Finally, the weight of the evidence against appellant was strong. There was no dispute that he shot and killed Ray Collignon. The only real issue was whether self-defense negated or mitigated a murder charge, which decision rested on the jury's determination of the credibility of the witnesses, including appellant. The jury's consideration of the testimonial and physical evidence concluded with its determination that appellant had committed second-degree murder, unmitigated by a claim of self-defense. Given the weight of that evidence, the jury was not likely to have been swayed by the single improper remark by the prosecutor. See Jones-Harris v. State, 179 Md. App. 72, 108 (2008) ("The difficulty in persuading a jury to acquit under such circumstances was unlikely to have been caused by the isolated remark by the prosecutor.").

Because we find that any error related to the State's Golden Rule argument harmless, we further conclude that the trial court did not err in declining to grant appellant a mistrial on that ground.

IV.

Appellant also claims that the trial court erred in permitting the State to introduce the inadmissible hearsay statement Ray made to Jane—"Vic's here, he seems angry, what do you want me to do?"—through Jane as Ray's present sense impression and through Detective Jacqueline Davis as Jane's prior consistent statement to the police.

The State first raises a preservation argument regarding Jane's testimony, as defense counsel did not object to the prosecutor's question to Jane until after she had answered the question, thereby rendering the objection untimely.

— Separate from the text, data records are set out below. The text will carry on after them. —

Ltac derive_side_conditions := repeat match goal with
  | |- _ /\ _ => split
  | |- True => exact I
  | |- 0 < _ * _ * / _ => apply Rmult_lt_0_compat; [nra | apply Rinv_0_lt_compat; nra]
  | |- 0 < _ * _ / _ => apply Rdiv_lt_0_compat; nra
  | |- _ * _ <> 0 => apply Rmult_integral_contrapositive_currified
  | |- _ => nra
  end.

Definition lead_profile (x : R) := 16 * PI ^ 2 / (x ^ 2 + PI ^ 2).

Lemma lead_profile_pos x : 0 < lead_profile x.
Proof. pose proof PI_RGT_0. apply Rdiv_lt_0_compat; nra. Qed.

Lemma lead_profile_le_16 x : lead_profile x <= 16.
Proof.
  pose proof PI_RGT_0. unfold lead_profile.
  apply Rmult_le_reg_r with (x ^ 2 + PI ^ 2); [nra|].
  unfold Rdiv. rewrite Rmult_assoc, Rinv_l by nra. nra.
Qed.

Lemma lead_profile_le_antimono x y : 0 <= x <= y -> lead_profile y <= lead_profile x.
Proof.
  intros Hxy. pose proof PI_RGT_0. unfold lead_profile. apply Rmult_le_compat_l; [nra|].
  apply Rinv_le_contravar; nra.
Qed.

Lemma lead_profile_le_inv x : 0 < x -> lead_profile x <= 16 * PI ^ 2 / x.
Proof.
  intros Hx. pose proof PI_gt_3. unfold lead_profile. apply Rmult_le_compat_l; [nra|].
  pose proof (pow2_ge_0 (x - 1 / 2)). apply Rinv_le_contravar; [exact Hx | nra].
Qed.

Section LeadingTerm.

Variables m delta : R.
Hypothesis Hm : 0 < m.
Hypothesis Hdelta : 0 < delta.

Definition lead_log M := ln (M * delta / (4 * m ^ 2)).

Definition dphi_lead M :=
  32 * PI ^ 2 * lead_log M / (M * (lead_log M ^ 2 + PI ^ 2) ^ 2).

Lemma lead_log_le A B : 0 < A -> A <= B -> lead_log A <= lead_log B.
Proof.
  intros HA HAB. apply ln_le; [apply Rdiv_lt_0_compat; nra |].
  apply Rmult_le_compat_r; [left; apply Rinv_0_lt_compat; nra | nra].
Qed.

Lemma phi_lead_eq M : phi_lead m delta M = - lead_profile (lead_log M).
Proof. unfold phi_lead, lead_profile, lead_log. pose proof PI_RGT_0. field. nra. Qed.

Lemma Rabs_phi_lead M : Rabs (phi_lead m delta M) = lead_profile (lead_log M).
Proof. rewrite phi_lead_eq, Rabs_Ropp. apply Rabs_right, Rle_ge, Rlt_le, lead_profile_pos. Qed.

Lemma Rabs_phi_lead_le_16 M : Rabs (phi_lead m delta M) <= 16.
Proof. rewrite Rabs_phi_lead. apply lead_profile_le_16. Qed.

Lemma lead_log_arg_eq M : M * delta * / (4 * (m * (m * 1))) = M * delta / (4 * m ^ 2).
Proof. field. lra. Qed.

Lemma is_derive_phi_lead M : 0 < M -> is_derive (phi_lead m delta) M (dphi_lead M).
Proof.
  intros HM. pose proof PI_RGT_0. unfold phi_lead, dphi_lead, lead_log.
  auto_derive; rewrite ?lead_log_arg_eq; [derive_side_conditions|].
  set (L := ln _). field. derive_side_conditions.
Qed.

Lemma continuous_dphi_lead M : 0 < M -> continuous dphi_lead M.
Proof.
  intros HM. apply (@ex_derive_continuous R_AbsRing R_NormedModule).
  pose proof PI_RGT_0. unfold dphi_lead, lead_log. auto_derive. derive_side_conditions.
Qed.

Definition phi_cos t p M := phi_lead m delta M * cos (omega p M * t).
Definition dphi_cos t p M := dphi_lead M * cos (omega p M * t).

Lemma continuous_C_integrand t p M : 0 < M -> continuous (C_integrand m delta t p) M.
Proof.
  intros HM. apply (@ex_derive_continuous R_AbsRing R_NormedModule).
  pose proof (pnorm2_ge_0 p). pose proof PI_RGT_0. pose proof (omega_pos p M HM).
  unfold C_integrand, phi_lead, omega in *. auto_derive. derive_side_conditions.
Qed.

Lemma continuous_dphi_cos t p M : 0 < M -> continuous (dphi_cos t p) M.
Proof.
  intros HM. apply (@ex_derive_continuous R_AbsRing R_NormedModule).
  pose proof (pnorm2_ge_0 p). pose proof PI_RGT_0. pose proof (omega_pos p M HM).
  unfold dphi_cos, dphi_lead, lead_log, omega in *. auto_derive. derive_side_conditions.
Qed.

Lemma is_derive_phi_cos t p M : 0 < M ->
  is_derive (phi_cos t p) M (dphi_cos t p M - t / 2 * C_integrand m delta t p M).
Proof.
  intros HM. pose proof (pnorm2_ge_0 p). pose proof PI_RGT_0. pose proof (omega_pos p M HM).
  unfold phi_cos, dphi_cos, C_integrand, phi_lead, dphi_lead, lead_log, omega in *.
  auto_derive; [derive_side_conditions|]. rewrite ?lead_log_arg_eq.
  set (L := ln _). set (s := sqrt _) in *. field. derive_side_conditions.
Qed.

Lemma RInt_C_integrand_by_parts t p A B : 0 < t -> 0 < A -> 0 < B ->
  RInt (C_integrand m delta t p) A B =
  2 / t * (phi_cos t p A - phi_cos t p B) + 2 / t * RInt (dphi_cos t p) A B.
Proof.
  intros Ht HA HB.
  assert (Hpos : forall x, Rmin A B <= x <= Rmax A B -> 0 < x).
  { intros x Hx. pose proof (Rmin_glb_lt A B 0 HA HB). lra. }
  assert (Hf : ex_RInt (C_integrand m delta t p) A B)
    by (apply ex_RInt_continuous_pos; auto; apply continuous_C_integrand).
  assert (Hg : ex_RInt (dphi_cos t p) A B)
    by (apply ex_RInt_continuous_pos; auto; apply continuous_dphi_cos).
  assert (Hparts : RInt (fun M => dphi_cos t p M - t / 2 * C_integrand m delta t p M) A B
                   = phi_cos t p B - phi_cos t p A).
  { apply RInt_derive_R.
    - intros x Hx. apply is_derive_phi_cos, Hpos, Hx.
    - intros x Hx. apply (continuous_minus (V := R_NormedModule)).
      + apply continuous_dphi_cos, Hpos, Hx.
      + apply (continuous_scal_r (V := R_NormedModule)), continuous_C_integrand, Hpos, Hx. }
  rewrite RInt_minus_R, RInt_scal_R in Hparts; auto.
  - apply (Rmult_eq_reg_l (t / 2)); [|lra].
    replace (t / 2 * (2 / t * (phi_cos t p A - phi_cos t p B) + 2 / t * RInt (dphi_cos t p) A B))
      with (RInt (dphi_cos t p) A B - (phi_cos t p B - phi_cos t p A)) by (field; lra).
    lra.
  - apply ex_RInt_scal_R, Hf.
Qed.
Definition in_Lambda (R : realType) (m n : nat) (A : 'M[R]_n) (a : R) : Prop :=
  let mR := (m%:R : R) in
  ((2 <= m)%N /\ eigenvalue (const_mx 1 - A) mR /\ a = - mR)
  \/
  (~~ eigenvalue A a /\ a <> 0 /\ a <> - mR /\ a <> - (2 * mR) /\
   (a + 2 * mR) * sum_entries (invmx (A - a%:M)) - mR = 0)
  \/
  (eigenvalue A (- (2 * mR)) /\ a = - (2 * mR))
  \/
  (eigenvalue A a /\ a <> 0 /\ a <> - mR /\ a <> - (2 * mR) /\
   exists g : 'cV[R]_n, A *m g = a *: g /\ \sum_i g i 0 ^+ 2 = 1 /\ \sum_i g i 0 = 0).

Arguments join_Kbar m {n} e.
Arguments in_Lambda {R} m {n} A a.

From HB Require Import structures.
From mathcomp Require Import all_boot all_order all_algebra.
From mathcomp Require Import reals.
From mathcomp Require Import boolp classical_sets functions topology normedtype.
From mathcomp Require Import derive matrix_normedtype.
From mathcomp Require Import ring lra.
Import numFieldNormedType.Exports.
Set Implicit Arguments. Unset Strict Implicit. Unset Printing Implicit Defensive.
Import Order.TTheory GRing.Theory Num.Theory.
Local Open Scope ring_scope.

(* On H = \bar K_m + G, which is not complete and hence has diameter 2, the
   distance matrix is D = 2 (J - I) - A_H, so on the sum-zero unit sphere
   <f, D f> = -2 - <f, A_H f> and QEC(H) = -2 - mu, where mu is the minimum of
   <f, A_H f> there.  A minimiser exists by compactness and satisfies the
   Lagrange condition A_H f = mu f + c 1; for mu <> 0 it is constant on
   \bar K_m, and its restriction y to G satisfies A y = mu y + s (2 + mu/m) 1
   with s = <1, y>.  Splitting according to mu = -2m, mu = -m, s = 0, and
   whether mu is an eigenvalue of A (an eigenvector is then orthogonal to 1)
   puts mu in Lambda_2, Lambda_0, Lambda_3, Lambda_3 or Lambda_1.  Conversely
   every alpha in some Lambda_i yields such a y, hence a sum-zero test vector
   with Rayleigh quotient alpha, so mu <= alpha.  Two explicit test vectors give
   mu <= -1, and mu < -1 when m = 1, which rules out mu = 0 and mu = -m for
   m = 1, where Lambda_0 is empty. *)

Lemma continuous_sum (R : numFieldType) (U : topologicalType) (I : Type) (s : seq I)
    (F : I -> U -> R) :
  (forall i, continuous (F i)) -> continuous (fun u => \sum_(i <- s) F i u).
Proof.
move=> cF; rewrite (_ : (fun u => _) = \sum_(i <- s) F i); last first.
  by apply/funext => u; rewrite fct_sumE.
apply: (big_ind (fun h : U -> R => continuous h)) => //.
  exact: cst_continuous.
by move=> f g cf cg u; apply: (@continuousD _ R^o); [exact: cf | exact: cg].
Qed.

Lemma sumsq_normalize (R : rcfType) (I : finType) (F : I -> R) :
  0 < \sum_i F i ^+ 2 -> exists t : R, t ^+ 2 * \sum_i F i ^+ 2 = 1.
Proof.
move=> S_gt0; exists (Num.sqrt (\sum_i F i ^+ 2))^-1.
by rewrite exprVn sqr_sqrtr ?ltW // mulVf // gt_eqF.
Qed.

Lemma quadratic_ge0_lin_eq0 (R : realFieldType) (b c : R) :
  (forall t, 0 <= t * b + t ^+ 2 * c) -> b = 0.
Proof.
move=> H; apply/eqP/negPn/negP => b_neq0.
pose d := 1 + `|c|; have d_gt0 : 0 < d by rewrite ltr_pwDl.
have := H (- b / d).
have -> : - b / d * b + (- b / d) ^+ 2 * c = b ^+ 2 * (c - d) / d ^+ 2.
  by field; rewrite gt_eqF.
rewrite pmulr_lge0 ?invr_gt0 ?exprn_gt0 // pmulr_rge0 ?exprn_even_gt0 //=.
by rewrite subr_ge0 /d; have := ler_norm c; lra.
Qed.

Section QuadraticForm.
Variables (R : realType) (T : finType).
Implicit Types (C : T -> T -> R) (f g : T -> R).
Local Open Scope classical_set_scope.

Definition qform C f : R := \sum_x \sum_y f x * C x y * f y.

And, because the allegedly objectionable testimony was admitted without timely objection through Jane, the State argues that the evidence was also properly admitted through Detective Davis. Even if considered, the State contends that appellant is not entitled to relief because the statements were properly admitted for the reasons set forth by the court.

The admissibility of Ray's statement to Jane, made via a telephone call shortly before his death, was the subject of a pre-trial motion in limine raised by appellant. Therein, appellant argued that the statement comprised inadmissible hearsay, which did not fall under any recognized exception to the hearsay rule. The State countered that Ray's statement was "very relevant because it's the reason why a conflict is set up between the two men."

Initially, the trial court ruled it would permit Jane to testify regarding Ray's demeanor during the phone call but would not admit the specific words that Ray said to her during the call because they were hearsay that did not fit into any recognized exception to the rule prohibiting the admission of hearsay evidence. The State moved for reconsideration of the court's ruling, and, more than a year after its initial ruling, and several weeks prior to trial, the court heard argument on the State's motion.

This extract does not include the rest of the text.